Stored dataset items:
· · · ·
(* Let $\mathbf B\in\mathcal B_n$ and let $|G\rangle=Z_{\mathbf B}|+\rangle^{\otimes n}$ be the associated graph state. Then there exist $\mathbf v\in\mathbb F_2^n$, an upper triangular matrix $\mathbf A\in GL_n(\mathbb F_2)$ and a reduced matrix $\mathbf B_{\mathrm{red}}\in\mathcal B_n$ such that $$|G\rangle=Z_{\mathbf v}\,X_{\mathbf A}\,Z_{\mathbf B_{\mathrm{red}}}\,|+\rangle^{\otimes n}.$$
   Context: Qubits are labelled $0,\dots,n-1$; the computational basis of $(\mathbb C^2)^{\otimes n}$ is $\{|x\rangle : x\in\mathbb F_2^n\}$. $|+\rangle=\frac1{\sqrt2}(|0\rangle+|1\rangle)$. For $\mathbf v\in\mathbb F_2^n$, $Z_{\mathbf v}$ is the unitary with $Z_{\mathbf v}|x\rangle=(-1)^{\sum_i v_ix_i}|x\rangle$ (a product of Pauli $Z$ gates). For $\mathbf A\in GL_n(\mathbb F_2)$, $X_{\mathbf A}$ is the unitary with $X_{\mathbf A}|x\rangle=|\mathbf Ax\rangle$ (realizable by CNOT gates). $\mathcal B_n$ is the set of symmetric $n\times n$ matrices over $\mathbb F_2$ with zero diagonal; for $\mathbf B=(b_{ij})\in\mathcal B_n$, $Z_{\mathbf B}|x\rangle=(-1)^{\sum_{i<j}b_{ij}x_ix_j}|x\rangle$ (a product of CZ gates). A matrix $\mathbf B\in\mathcal B_n$ is called reduced if each row and each column of $\mathbf B$ contains at most one non-zero entry. *)

From HB Require Import structures.
From mathcomp Require Import all_boot all_order all_algebra all_field.
Set Implicit Arguments. Unset Strict Implicit. Unset Printing Implicit Defensive.
Import GRing.Theory Num.Theory.
Local Open Scope ring_scope.

(* Computational basis vectors x in F_2^n are column vectors 'cV['F_2]_n.
   An n-qubit state is its vector of amplitudes, a function F_2^n -> algC. *)
Definition state (n : nat) := {ffun 'cV['F_2]_n -> algC}.

Definition sgnF2 (b : 'F_2) : algC := if b == 0 then 1 else -1.

Definition plus_state (n : nat) : state n := [ffun _ => (sqrtC 2)^-1 ^+ n].

Definition Zv (n : nat) (v : 'cV['F_2]_n) (psi : state n) : state n :=
  [ffun x : 'cV['F_2]_n => sgnF2 (\sum_(i < n) v i 0 * x i 0) * psi x].

(* X_A |x> = |A x>, extended linearly:
   (X_A psi)(y) = sum over x with A x = y of psi(x) *)
Definition XA (n : nat) (A : 'M['F_2]_n) (psi : state n) : state n :=
  [ffun y : 'cV['F_2]_n => \sum_(x : 'cV['F_2]_n | A *m x == y) psi x].

Definition ZB (n : nat) (B : 'M['F_2]_n) (psi : state n) : state n :=
  [ffun x : 'cV['F_2]_n => sgnF2 (\sum_(i < n) \sum_(j < n | (i < j)%N) B i j * x i 0 * x j 0)
             * psi x].

Definition in_Bn (n : nat) (B : 'M['F_2]_n) : Prop :=
  B^T = B /\ forall i, B i i = 0.

Definition reduced (n : nat) (B : 'M['F_2]_n) : Prop :=
  (forall i j k, B i j != 0 -> B i k != 0 -> j = k) /\
  (forall i j k, B i j != 0 -> B k j != 0 -> i = k).

Definition upper_triangular (n : nat) (A : 'M['F_2]_n) : Prop :=
  forall i j : 'I_n, (j < i)%N -> A i j = 0.

Definition graph_state (n : nat) (B : 'M['F_2]_n) : state n := ZB B (plus_state n).

From HB Require Import structures.
From mathcomp Require Import all_boot all_order all_algebra all_field.
Set Implicit Arguments. Unset Strict Implicit. Unset Printing Implicit Defensive.
Import GRing.Theory.
Local Open Scope ring_scope.
Lemma derives_compact G f :
  G ⊢ f -> exists l, (forall x, In x l -> G x) /\ (fun x => In x l) ⊢ f.
Proof.
  induction 1 as [? f Hf|? a f Ha Hf|? f Hf|? f g _ [l1 [H1 D1]] _ [l2 [H2 D2]]|? f Hf _].
  - exists []; split; [intros x []|apply d_base; auto].
  - exists []; split; [intros x []|eapply d_ax; eauto].
  - exists [f]; split; [intros x [<-|[]]; auto|apply d_el; left; auto].
  - exists (l1 ++ l2); split.
    + intros x Hx; apply in_app_or in Hx as [Hx|Hx]; auto.
    + eapply d_mp; [eapply derives_weaken; [exact D1|]|eapply derives_weaken; [exact D2|]];
        intros x Hx; apply in_or_app; auto.
  - exists []; split; [intros x []|apply d_nec; auto].
Qed.

Lemma disj_app_l G l1 l2 : G ⊢ Imp (disj l1) (disj (l1 ++ l2)).
Proof.
  induction l1 as [|a l1 IH]; cbn.
  - apply d_base, IPC9.
  - apply deduction. eapply or_elim; [apply derives_hyp|apply d_base, IPC6|].
    eapply imp_trans; [apply derives_extend, IH|apply d_base, IPC7].
Qed.

Lemma disj_app_r G l1 l2 : G ⊢ Imp (disj l2) (disj (l1 ++ l2)).
Proof.
  induction l1 as [|a l1 IH]; cbn.
  - apply derives_imp_refl.
  - eapply imp_trans; [exact IH|apply d_base, IPC7].
Qed.

Lemma disj_all_eq G l f : (forall d, In d l -> d = f) -> G ⊢ Imp (disj l) f.
Proof.
  induction l as [|a l IH]; intros H; cbn.
  - apply d_base, IPC9.
  - rewrite (H a (or_introl eq_refl)). apply deduction.
    eapply or_elim; [apply derives_hyp|apply derives_imp_refl|].
    apply derives_extend, IH; intros; apply H; right; auto.
Qed.

Definition theory (G : form -> Prop) : Prop := forall f, G ⊢ f -> G f.

Definition prime_theory (G : form -> Prop) : Prop :=
  theory G /\ forall a b, G (Or a b) -> G a \/ G b.

Lemma theory_mp G a b : theory G -> G (Imp a b) -> G a -> G b.
Proof. intros T H1 H2; apply T; eapply derives_app; apply d_el; eauto. Qed.

Lemma theory_thm G f : theory G -> no_forms ⊢ f -> G f.
Proof. intros T H; apply T, derives_of_theorem, H. Qed.

Lemma theory_base G f : theory G -> base_axiom f -> G f.
Proof. intros T H; apply T, d_base, H. Qed.

Lemma theory_and G a b : theory G -> G (And a b) <-> G a /\ G b.
Proof.
  intros T; split.
  - intros H; split; (eapply theory_mp; [exact T|apply theory_base; [exact T|constructor]|exact H]).
  - intros [H1 H2]. eapply theory_mp; [exact T| |exact H2].
    eapply theory_mp; [exact T|apply theory_base; [exact T|constructor]|exact H1].
Qed.

Lemma theory_explode G f : theory G -> G Bot -> G f.
Proof. intros T H; eapply theory_mp; [exact T|apply theory_base; [exact T|constructor]|exact H]. Qed.

Lemma theory_box G g : theory G -> (fun f => G (Box f)) ⊢ g -> G (Box g).
Proof.
  intros T H. apply derives_compact in H as [l [Hl Hd]].
  revert g Hd. induction l as [|a l IH]; intros g Hd.
  - apply T, d_nec. eapply derives_weaken; [exact Hd|]; intros x [].
  - assert (Hag : (fun x => In x l) ⊢ Imp a g).
    { apply deduction. eapply derives_weaken; [exact Hd|].
      intros x [<-|Hx]; [right|left]; auto. }
    eapply theory_mp; [exact T| |apply (Hl a); left; auto].
    eapply theory_mp; [exact T|apply theory_base; [exact T|apply KBox]|].
    exact (IH (fun x Hx => Hl x (or_intror Hx)) _ Hag).
Qed.

Lemma theory_dia_of_box G a b : theory G -> G (Box (Imp a b)) -> G (Dia a) -> G (Dia b).
Proof.
  intros T Hab Ha. eapply theory_mp; [exact T| |exact Ha].
  eapply theory_mp; [exact T|apply theory_base; [exact T|apply KDia]|exact Hab].
Qed.

Lemma prime_all : prime_theory all_forms.
Proof. split; [intros f _; exact I|intros a b _; left; exact I]. Qed.

Definition directed (T : form -> Prop) : Prop :=
  (exists d, T d) /\ forall d1 d2, T d1 -> T d2 ->
    exists d, T d /\ no_forms ⊢ Imp d d1 /\ no_forms ⊢ Imp d d2.

Lemma derives_union_directed T1 T2 g :
  directed T1 -> (fun x => T1 x \/ T2 x) ⊢ g -> exists d, T1 d /\ T2 ⊢ Imp d g.
Proof.
  intros [[d0 Hd0] Hdir] H. apply derives_compact in H as [l [Hl Hd]].
  assert (Hlg : (fun x => In x l \/ T2 x) ⊢ g)
    by (eapply derives_weaken; [exact Hd|]; intros x Hx; left; exact Hx).
  clear Hd. revert g Hlg. induction l as [|a l IH]; intros g Hlg.
  - exists d0; split; auto. apply derives_const.
    eapply derives_weaken; [exact Hlg|]. intros x [[]|Hx]; exact Hx.
  - assert (Hag : (fun x => In x l \/ T2 x) ⊢ Imp a g).
    { apply deduction. eapply derives_weaken; [exact Hlg|].
      intros x [[<-|Hx]|Hx]; [right|left; left|left; right]; auto. }
    destruct (IH (fun x Hx => Hl x (or_intror Hx)) _ Hag) as [d [Hd Hdag]].
    destruct (Hl a (or_introl eq_refl)) as [Ha|Ha].
    + destruct (Hdir d a Hd Ha) as [d' [Hd' [Hd'd Hd'a]]]. exists d'; split; auto.
      apply deduction. eapply derives_app; [eapply derives_app|].
      * apply derives_extend; exact Hdag.
      * eapply derives_app; [apply derives_of_theorem, Hd'd|apply derives_hyp].
      * eapply derives_app; [apply derives_of_theorem, Hd'a|apply derives_hyp].
    + exists d; split; auto. apply deduction.
      eapply derives_app; [eapply derives_app; [apply derives_extend, Hdag|apply derives_hyp]|].
      apply d_el; left; exact Ha.
Qed.

Lemma theory_directed G : theory G -> directed G.
Proof.
  intros T; split.
  - exists (Imp Bot Bot); apply theory_base; [exact T|constructor].
  - intros d1 d2 H1 H2. exists (And d1 d2).
    split; [apply theory_and; auto|split; apply d_base; constructor].
Qed.

Lemma dia_theory_directed G : theory G -> directed (fun x => exists t, G t /\ x = Dia t).
Proof.
  intros T; split.
  - exists (Dia (Imp Bot Bot)), (Imp Bot Bot); split; auto.
    apply theory_base; [exact T|constructor].
  - intros d1 d2 [t1 [H1 ->]] [t2 [H2 ->]]. exists (Dia (And t1 t2)); split.
    + exists (And t1 t2); split; auto; apply theory_and; auto.
    + split; apply dia_mono, d_base; constructor.
Qed.

(* The disjunctions are nonempty so that [avoids S no_forms] holds even for inconsistent [S]. *)
Definition proves_disj (S D : form -> Prop) : Prop :=
  exists ds, (forall d, In d ds -> D d) /\ ds <> [] /\ S ⊢ disj ds.

Definition avoids (S D : form -> Prop) : Prop := ~ proves_disj S D.

Lemma avoids_anti S S' D : (forall x, S x -> S' x) -> avoids S' D -> avoids S D.
Proof.
  intros HS Hav [ds [Hds [Hne Hd]]]. apply Hav.
  exists ds; repeat split; auto. eapply derives_weaken; eauto.
Qed.

Lemma avoids_single G f : ~ G ⊢ f -> avoids G (fun x => x = f).
Proof.
  intros Hf [ds [Hds [_ Hd]]]. apply Hf.
  eapply derives_app; [apply disj_all_eq; exact Hds|exact Hd].
Qed.

Section Lindenbaum.
Variables T D : form -> Prop.
Hypothesis T_avoids : avoids T D.

Fixpoint stage (n : nat) : form -> Prop :=
  match n with
  | 0 => T
  | S n => fun f => stage n f \/ (form_code f = n /\ avoids (extend (stage n) f) D)
  end.

Definition stage_limit (f : form) : Prop := exists n, stage n f.

Lemma stage_mono m n f : m <= n -> stage m f -> stage n f.
Proof. induction 1; cbn; auto. Qed.

Lemma stage_avoids n : avoids (stage n) D.
Proof.
  induction n as [|n IH]; [exact T_avoids|].
  destruct (classic (exists f, form_code f = n /\ avoids (extend (stage n) f) D))
    as [[f [Hf Hav]]|Hnone].
  - apply (avoids_anti _ (extend (stage n) f)); [|exact Hav].
    intros x [Hx|[Hx _]]; [left; exact Hx|right].
    apply form_code_inj; congruence.
  - apply (avoids_anti _ (stage n)); [|exact IH].
    intros x [Hx|Hx]; [exact Hx|exfalso; apply Hnone; eauto].
Qed.

Lemma stage_list l : (forall x, In x l -> stage_limit x) ->
  exists N, forall x, In x l -> stage N x.
Proof.
  induction l as [|a l IH]; intros H.
  - exists 0; intros x [].
  - destruct (H a (or_introl eq_refl)) as [n Hn].
    destruct IH as [N HN]; [intros; apply H; right; auto|].
    exists (n + N); intros x [<-|Hx].
    + eapply stage_mono; [|exact Hn]; lia.
    + eapply stage_mono; [|apply HN, Hx]; lia.
Qed.

Lemma stage_limit_or_refuted f : stage_limit f \/
  exists ds, (forall d, In d ds -> D d) /\ ds <> [] /\
    forall N, form_code f <= N -> stage N ⊢ Imp f (disj ds).
Proof.
  destruct (classic (avoids (extend (stage (form_code f)) f) D)) as [Hav|Hnav].
  - left; exists (S (form_code f)); right; auto.
  - right. apply NNPP in Hnav as [ds [Hds [Hne Hd]]].
    exists ds; repeat split; auto. intros N HN. apply deduction.
    eapply derives_weaken; [exact Hd|].
    intros x [Hx|Hx]; [left; eapply stage_mono; eauto|right; exact Hx].
Qed.

Lemma stage_limit_theory : theory stage_limit.
Proof.
  intros f Hf. apply derives_compact in Hf as [l [Hl Hd]].
  destruct (stage_list l Hl) as [N HN].
  destruct (stage_limit_or_refuted f) as [Hf|[ds [Hds [Hne Himp]]]]; [exact Hf|].
  exfalso. apply (stage_avoids (N + form_code f)). exists ds; repeat split; auto.
  eapply derives_app; [apply Himp; lia|].
  eapply derives_weaken; [exact Hd|]. intros x Hx; eapply stage_mono; [|apply HN, Hx]; lia.
Qed.

Lemma stage_limit_prime : prime_theory stage_limit.
Proof.
  split; [exact stage_limit_theory|].
  intros a b [m Hm].
  destruct (stage_limit_or_refuted a) as [Ha|[ds1 [Hds1 [Hne1 Himp1]]]]; [left; exact Ha|].
  destruct (stage_limit_or_refuted b) as [Hb|[ds2 [Hds2 [_ Himp2]]]]; [right; exact Hb|].
  exfalso. set (N := m + form_code a + form_code b).
  apply (stage_avoids N). exists (ds1 ++ ds2); repeat split.
  - intros d Hd; apply in_app_or in Hd as [Hd|Hd]; auto.
  - destruct ds1; [congruence|discriminate].
  - eapply or_elim.
    + apply d_el; eapply stage_mono; [|exact Hm]; unfold N; lia.
    + eapply imp_trans; [apply Himp1; unfold N; lia|apply disj_app_l].
    + eapply imp_trans; [apply Himp2; unfold N; lia|apply disj_app_r].
Qed.

Lemma stage_limit_avoids d : D d -> ~ stage_limit d.
Proof.
  intros Hd [n Hn]. apply (stage_avoids n). exists [d]; repeat split.
  - intros x [<-|[]]; exact Hd.
  - discriminate.
  - eapply derives_app; [apply d_base, IPC6|apply d_el; exact Hn].
Qed.

End Lindenbaum.

Lemma lindenbaum T D : avoids T D ->
  exists P, prime_theory P /\ (forall f, T f -> P f) /\ (forall d, D d -> ~ P d).
Proof.
  intros Hav. exists (stage_limit T D); split; [|split].
  - apply stage_limit_prime, Hav.
  - intros f Hf; exists 0; exact Hf.
  - apply stage_limit_avoids, Hav.
Qed.

Definition successor (G D P : form -> Prop) : Prop :=
  prime_theory P /\ (forall f, G (Box f) -> P f) /\ (forall d, D d -> ~ P d).

Definition dia_avoids (G D : form -> Prop) : Prop :=
  forall ds, (forall d, In d ds -> D d) -> ds <> [] -> ~ G (Dia (disj ds)).

Lemma dia_avoids_none G : dia_avoids G no_forms.
Proof. intros [|d ds] Hds Hne; [congruence|]. destruct (Hds d (or_introl eq_refl)). Qed.

Lemma dia_avoids_single G f : theory G -> ~ G (Dia f) -> dia_avoids G (fun x => x = f).
Proof.
  intros T Hf ds Hds _ Hd. apply Hf. eapply theory_mp; [exact T| |exact Hd].
  apply theory_thm; [exact T|]. apply dia_mono, disj_all_eq, Hds.
Qed.

Record cworld := CWorld {
  wth : form -> Prop;
  wavoid : form -> Prop;
  wprime : prime_theory wth;
  wcons : ~ wth Bot;
  wdia : dia_avoids wth wavoid
}.

Definition th (w : option cworld) : form -> Prop :=
  match w with None => all_forms | Some a => wth a end.

Definition cle (x y : option cworld) : Prop := forall f, th x f -> th y f.

Definition cR (x y : option cworld) : Prop :=
  match x with None => y = None | Some a => successor (wth a) (wavoid a) (th y) end.

Lemma cle_refl x : cle x x.
Proof. intros f H; exact H. Qed.

Lemma cle_trans x y z : cle x y -> cle y z -> cle x z.
Proof. intros H1 H2 f H; apply H2, H1, H. Qed.

Lemma cle_e y : cle None y -> y = None.
Proof. destruct y as [b|]; [intros H; destruct (wcons b (H Bot I))|reflexivity]. Qed.

Lemma cR_e x : cR None x <-> x = None.
Proof. reflexivity. Qed.

Definition CF : frame := Frame (option cworld) cle None cR cle_refl cle_trans cle_e cR_e.

Definition CV : valuation CF :=
  Valuation CF (fun p w => th w (Var p)) (fun p x y H => H (Var p)) (fun p => I).

Lemma th_theory w : theory (th w).
Proof. destruct w as [a|]; [apply wprime|apply prime_all]. Qed.

Lemma world_of_prime P : prime_theory P -> exists w, th w = P.
Proof.
  intros HP. destruct (classic (P Bot)) as [HB|HB].
  - exists None. apply functional_extensionality; intros f.
    apply propositional_extensionality; split; [intros _|intros _; exact I].
    apply (theory_explode _ _ (proj1 HP) HB).
  - exists (Some (CWorld P no_forms HP HB (dia_avoids_none P))). reflexivity.
Qed.

Lemma th_bot w : th w Bot <-> w = None.
Proof.
  destruct w as [a|]; cbn; split.
  - intros H; destruct (wcons a H).
  - discriminate.
  - reflexivity.
  - intros _; exact I.
Qed.

Lemma th_and w f g : th w (And f g) <-> th w f /\ th w g.
Proof. apply theory_and, th_theory. Qed.

Lemma th_or w f g : th w (Or f g) <-> th w f \/ th w g.
Proof.
  destruct w as [a|]; cbn; [split|unfold all_forms; tauto].
  - apply wprime.
  - pose proof (proj1 (wprime a)) as T.
    intros [H|H]; (eapply theory_mp; [exact T|apply theory_base; [exact T|constructor]|exact H]).
Qed.

Lemma th_imp w f g : th w (Imp f g) -> th w f -> th w g.
Proof. apply theory_mp, th_theory. Qed.

Lemma th_box y z f : th y (Box f) -> cR y z -> th z f.
Proof. destruct y as [a|]; cbn; [intros H [_ [Hb _]]; apply Hb, H|intros _ ->; exact I]. Qed.

Lemma successor_of_dia (a : cworld) p :
  wth a (Dia p) -> exists P, successor (wth a) (wavoid a) P /\ P p.
Proof.
  intros Hp. pose proof (proj1 (wprime a)) as T.
  destruct (lindenbaum (extend (fun f => wth a (Box f)) p) (wavoid a))
    as [P [HP [HaP HPav]]].
  - intros [ds [Hds [Hne Hd]]]. apply (wdia a ds Hds Hne).
    apply (theory_dia_of_box _ p); [exact T| |exact Hp].
    apply theory_box; [exact T|]. apply deduction, Hd.
  - exists P; split; [split; [exact HP|split]|].
    + intros f Hf; apply HaP; left; exact Hf.
    + exact HPav.
    + apply HaP; right; reflexivity.
Qed.

Lemma th_dia y f : th y (Dia f) -> exists z, cR y z /\ th z f.
Proof.
  destruct y as [a|]; cbn; [|exists None; split; [reflexivity|exact I]].
  intros Hf. destruct (successor_of_dia a f Hf) as [P [HaP HP]].
  destruct (world_of_prime P (proj1 HaP)) as [z <-]. exists z; split; assumption.
Qed.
· · · ·
EXERCISE:
Copy, from the data above, every line where the word "match" appears.

RESULT OF THIS TASK:
  match n with
  match w with None => all_forms | Some a => wth a end.
  match x with None => y = None | Some a => successor (wth a) (wavoid a) (th y) end.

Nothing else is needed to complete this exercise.